Not because this record doesn’t deserve it, not because songs like “If I Were Smart” and “I’m Alive” (moody Broadway-pop and rootsy rock, respectively) can’t take it — but because you deserve the thrill of discovery of this record. What happens at exactly 0:39 of the rollicking “Gonna Be Better” should make you hop around your world the way it made me, and you’ll do it again at the 1:09 mark when she pulls the next card out of her sleeve. And I would love to be there when you realize just what exactly transpires on “Lonesome,” when that grin splits your head in half and your eyes roll up in your head when you howl along to that chorus. . . .

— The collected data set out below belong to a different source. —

(* Let $n\ge0$. Among the elements of $R$ whose binary representation has length $2n+4$, exactly one has binary representation beginning with $1000$, namely $[1000(10)^n]_2$; moreover $[1000(10)^n]_2$ is the smallest element of $R$ whose binary representation has length $2n+4$.
   Context: Stern's sequence $(a(n))_{n\ge0}$: $a(0)=0$, $a(1)=1$, $a(2n)=a(n)$, $a(2n+1)=a(n)+a(n+1)$; $s(n)=a(n+1)$. $R$ is the set of record-setters of $s$, i.e. indices $v\ge0$ with $s(i)<s(v)$ for all $i<v$. Binary representations have no leading zeros. For a binary string $x$, $[x]_2$ is the integer it represents in base 2; $x^i$ denotes $i$-fold concatenation. *)

From mathcomp Require Import all_boot.
Set Implicit Arguments. Unset Strict Implicit. Unset Printing Implicit Defensive.

(* Stern's diatomic sequence a(0)=0, a(1)=1, a(2n)=a(n), a(2n+1)=a(n)+a(n+1),
   computed with fuel (fuel n suffices for argument n). *)
Fixpoint stern_aux (fuel n : nat) : nat :=
  match fuel with
  | 0 => 0
  | f.+1 =>
    if n <= 1 then n
    else if odd n then stern_aux f n./2 + stern_aux f (n./2).+1
    else stern_aux f n./2
  end.

Definition stern_a (n : nat) : nat := stern_aux n.+1 n.

Definition stern_s (n : nat) : nat := stern_a n.+1.

Definition record_setter (v : nat) : Prop := forall i, i < v -> stern_s i < stern_s v.

(* binary representation (no leading zeros), most significant bit first;
   binrep 0 = [::] *)
Fixpoint binrep_aux (fuel n : nat) : seq bool :=
  match fuel with
  | 0 => [::]
  | f.+1 => if n == 0 then [::] else rcons (binrep_aux f n./2) (odd n)
  end.
Definition binrep (n : nat) : seq bool := binrep_aux n n.

Definition binval (x : seq bool) : nat := foldl (fun (acc : nat) (b : bool) => acc.*2 + nat_of_bool b) 0 x.

Definition w1000 (n : nat) : seq bool :=
  [:: true; false; false; false] ++ flatten (nseq n [:: true; false]).

Section Sanity.
Example ex_a : [seq stern_a i | i <- iota 0 10] = [:: 0;1;1;2;1;3;2;3;1;4]. Proof. by []. Qed.
Example ex_b : binrep 6 = [:: true; true; false]. Proof. by []. Qed.
Example ex_c : binval (w1000 1) = 34. Proof. by []. Qed.
Example ex_d : binrep 34 = w1000 1. Proof. by []. Qed.
End Sanity.

From mathcomp Require Import all_boot zify.

(* Reading the binary digits of v from the most significant one, the pair
   (a(v), a(v+1)) evolves by (p, q) -> (p + q, q) on a 1 and (p, q) -> (p, p + q)
   on a 0, so after L further digits both entries are at most
   F_(L+1) max(p, q) + F_L min(p, q).  Hence s(i) <= F_(2n+4) for every
   i < 2^(2n+3), with equality at i = [(10)^(n+1)0]_2.  After the prefix
   1000(10)^k the pair is (F_(2k+1) + 3F_(2k), F_(2k) + 4F_(2k+1)); among the
   continuations of length 2j, (10)^j yields the largest s, and every continuation
   of smaller value yields at most F_(2(k+j)+4), which is below the value
   F_(2(k+j)) + 4F_(2(k+j)+1) reached by (10)^j.  So among
   the strings 1000x of length 2n+4 only 1000(10)^n can be a record, it is one,
   and every smaller index of that length is beaten by [(10)^(n+1)0]_2. *)

Lemma stern_aux_fuel f g n : n < f -> n < g -> stern_aux f n = stern_aux g n.
Proof.
elim: f g n => [|f IH] [|g] n //= n_lt_f n_lt_g.
case: ifP => // n_gt1; case: ifP => n_odd.
- rewrite (IH g n./2) ?(IH g n./2.+1) //; lia.
- rewrite (IH g n./2) //; lia.
Qed.

Lemma stern_auxS f n : stern_aux f.+1 n =
  if n <= 1 then n
  else if odd n then stern_aux f n./2 + stern_aux f n./2.+1
  else stern_aux f n./2.
Proof. by []. Qed.

Lemma stern_a_even m : stern_a m.*2 = stern_a m.
Proof.
case: m => [|m] //; rewrite /stern_a stern_auxS (_ : _ <= 1 = false); last by lia.
by rewrite odd_double doubleK; apply: stern_aux_fuel; lia.
Qed.

Lemma stern_a_odd m : stern_a m.*2.+1 = stern_a m + stern_a m.+1.
Proof.
case: m => [|m] //; rewrite /stern_a stern_auxS (_ : _ <= 1 = false); last by lia.
rewrite (_ : odd _ = true); last by rewrite -addn1 oddD odd_double.
rewrite -[_.*2.+1]/(true + _) half_bit_double.
by congr (_ + _); apply: stern_aux_fuel; lia.
Qed.

Lemma binval_rcons w b : binval (rcons w b) = (binval w).*2 + b.
Proof. by rewrite /binval foldl_rcons. Qed.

But I’ll spoil it if I say any more. So I won’t say any more, except to say that this is exactly 40 minutes of transcendent music by someone who we always knew was one of the best singers and songwriters on the scene, but someone who we were afraid was never going to make the music she should be making. Well, she’s done it, she did it, she dealt with the demons she needed to deal with, and she poured the rest into these death-defying songs, she fucking well did it.